Fish-Flavored Baseball Bat

It's a John Cleese reference.

Tuesday, August 12, 2008

Overdue Comics Commentary: Fantastic Four: True Story

I know it's been far too long since I've last written anything comics-related, but I hope this isn't too untimely...

I greatly enjoyed Fantastic Four: True Story #1; the premise, if somewhat derivative (Cornell explicitly acknowledges his debt to Jasper Fforde, though I was also reminded of Woody Allen's short story The Kugelmass Episode), is no less entertaining and intriguing. I particularly enjoyed the deconstructed Thing-Torch squabble, reminiscent of the Neo-Futurists' short play "Title," which reduces a disastrous dinner date to its raw essentials ("Suggestive proposition." "Violent denial!")...though I doubt Cornell is familiar with the Neo-Futurists' work.

However...

There was one bit that truly bothered me: When the FF encounter Dante Alighieri, and Johnny Storm's immediate reaction to his name is a Clerks reference. I already thought Cornell was overdoing Johnny's immaturity and ignorance just a bit, but this pushed my suspension of disbelief past the breaking point. Sure, I can believe that Johnny's never read the poem, I can buy that he doesn't really know what it's about...but I cannot believe that Johnny's never heard of Dante's Inferno.

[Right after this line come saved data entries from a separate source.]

(* Let $\mathcal G=(V_{\min},V_{\max},E,w,\lambda)$ be an improving discounted payoff game, $\sigma$ a joint strategy, and $\nu$ a basis valuation of $H$ minimising $f_\sigma$ over all solutions of $H$, with $f_\sigma(\nu)\neq0$. Assume there are no local improvements of $\sigma$ for $\nu$, i.e. $\mathsf{offset}(\nu,(v,v'))\ge\mathsf{offset}(\nu,(v,\sigma(v)))$ for all $(v,v')\in E$. Let $E'$ be a given set of edges with $E_\nu\subseteq E'\subseteq S^\sigma_\nu$ containing an outgoing edge of every vertex. Then there exist a neighbouring valuation $\nu''$ of $\nu$ and a joint strategy $\sigma'$ with $f_{\sigma'}(\nu'')<f_\sigma(\nu)$; such a $\sigma'$ is better than $\sigma$, and it can be chosen such that $(v,\sigma'(v))\in E'$ for all $v\in V$.
   Context: A discounted payoff game is a tuple $\mathcal G=(V_{\min},V_{\max},E,w,\lambda)$ with $V=V_{\min}\cup V_{\max}$ finite (disjoint union of Min and Max vertices), $E\subseteq V\times V$ with every vertex having an outgoing edge, $w:E\to\mathbb R$, $\lambda:E\to[0,1)$. A joint strategy is a map $\sigma:V\to V$ with $(v,\sigma(v))\in E$ for all $v$. $H$ is the system of inequations over $x\in\mathbb R^V$ containing, for each edge $e=(v,v')$, $I_e$: $x(v)\ge w_e+\lambda_e x(v')$ if $v\in V_{\max}$ and $x(v)\le w_e+\lambda_e x(v')$ if $v\in V_{\min}$. A basis of $H$ is a set of $|V|$ inequations of $H$ whose equality versions have a unique common solution; if that solution satisfies $H$ it is the basis valuation of that basis. $\mathsf{offset}(x,(v,v'))=x(v)-(w_{(v,v')}+\lambda_{(v,v')}x(v'))$ if $v\in V_{\max}$, and $(w_{(v,v')}+\lambda_{(v,v')}x(v'))-x(v)$ otherwise; $f_\sigma(x)=\sum_{v\in V}\mathsf{offset}(x,(v,\sigma(v)))$. $S^\sigma_\nu=\{(v,v')\in E\mid \mathsf{offset}(\nu,(v,v'))=\mathsf{offset}(\nu,(v,\sigma(v)))\}$ and $E_\nu=\{(v,v')\in E\mid\mathsf{offset}(\nu,(v,v'))=0\}$. A joint strategy $\sigma'$ is better than $\sigma$ iff $\min\{f_{\sigma'}(x)\mid x\text{ solves }H\}<\min\{f_{\sigma}(x)\mid x\text{ solves }H\}$. The game is sharp if every basis valuation satisfies exactly $|V|$ inequations of $H$ with equality (so it is the valuation of a unique basis). A sharp game is improving if for every joint strategy $\sigma$ and every basis valuation $\nu$ that does not minimise $f_\sigma$ over the solutions of $H$, there is a basis obtained from the basis of $\nu$ by exchanging exactly one inequation whose basis valuation $\nu'$ satisfies $f_\sigma(\nu')<f_\sigma(\nu)$. A neighbouring valuation of $\nu$ is a basis valuation of a basis obtained from the basis of $\nu$ by exchanging exactly one inequation. *)

From HB Require Import structures.
From mathcomp Require Import all_boot all_order all_algebra.
From mathcomp Require Import reals.
Set Implicit Arguments. Unset Strict Implicit. Unset Printing Implicit Defensive.
Import Order.TTheory GRing.Theory Num.Theory.
Local Open Scope ring_scope.

(* Max vertices are those with isMax v = true, Min vertices the others
   (so V = V_min ⊎ V_max).  Edges are pairs (v,v'); the weight and discount
   are given as functions on V*V, only their values on edges matter. *)
Record game (R : realType) (V : finType) := Game {
  isMax : pred V;
  E : {set V * V};
  w : V * V -> R;
  lam : V * V -> R
}.

Section Defs.
Variables (R : realType) (V : finType) (G : game R V).

Definition valid_game : Prop :=
  (forall v : V, exists v' : V, (v, v') \in E G) /\
  (forall e, e \in E G -> 0 <= lam G e /\ lam G e < 1).

Definition ineq_holds (x : V -> R) (e : V * V) : Prop :=
  if isMax G e.1 then x e.1 >= w G e + lam G e * x e.2
  else x e.1 <= w G e + lam G e * x e.2.

Definition eq_holds (x : V -> R) (e : V * V) : bool :=
  x e.1 == w G e + lam G e * x e.2.

Definition solves_H (x : V -> R) : Prop :=
  forall e, e \in E G -> ineq_holds x e.

Definition is_basis (B : {set V * V}) : Prop :=
  B \subset E G /\ #|B| = #|V| /\
  exists x : V -> R, (forall e, e \in B -> eq_holds x e) /\
    (forall y : V -> R, (forall e, e \in B -> eq_holds y e) -> forall v, y v = x v).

Maybe it's just me, but it always takes me right out of a story when, for the sake of a gag, a character is suddenly ignorant of something that's part of the common cultural landscape. It's bothered me ever since I was a kid, and I saw an episode of the sitcom Alice in which Alice's son Tommy was studying King Lear for school. When Mel (the diner owner, played by Vic Tayback, for those of you too young to remember the series) heard him mention this assignment, Mel asked "King Lear? That a sequel to King Kong?" Even at the tender age of whenever-it-was, I was going "Oh, come on! Even Mel's not that dumb!" (It went even further later in the episode, when Tommy recited a speech from the play, and Mel commented "Boy, that Kong was one smart ape." Geez, I think Mel's figured out by now that not everyone with "King" in front of their name is a giant ape.)

This annoyed me so much that it has stayed with me to this day, far longer than any sitcom gag should remain in one's memory. Indeed, it bugged me so much that, years after the fact, I came up with a "shoulda said" gag that I think would have worked better. Imagine if Mel had said "King Lear? That about the guy who invented the jet plane?" It would have worked as a "Ha ha, Mel is ignorant" joke...but it would have been plausibly ignorant.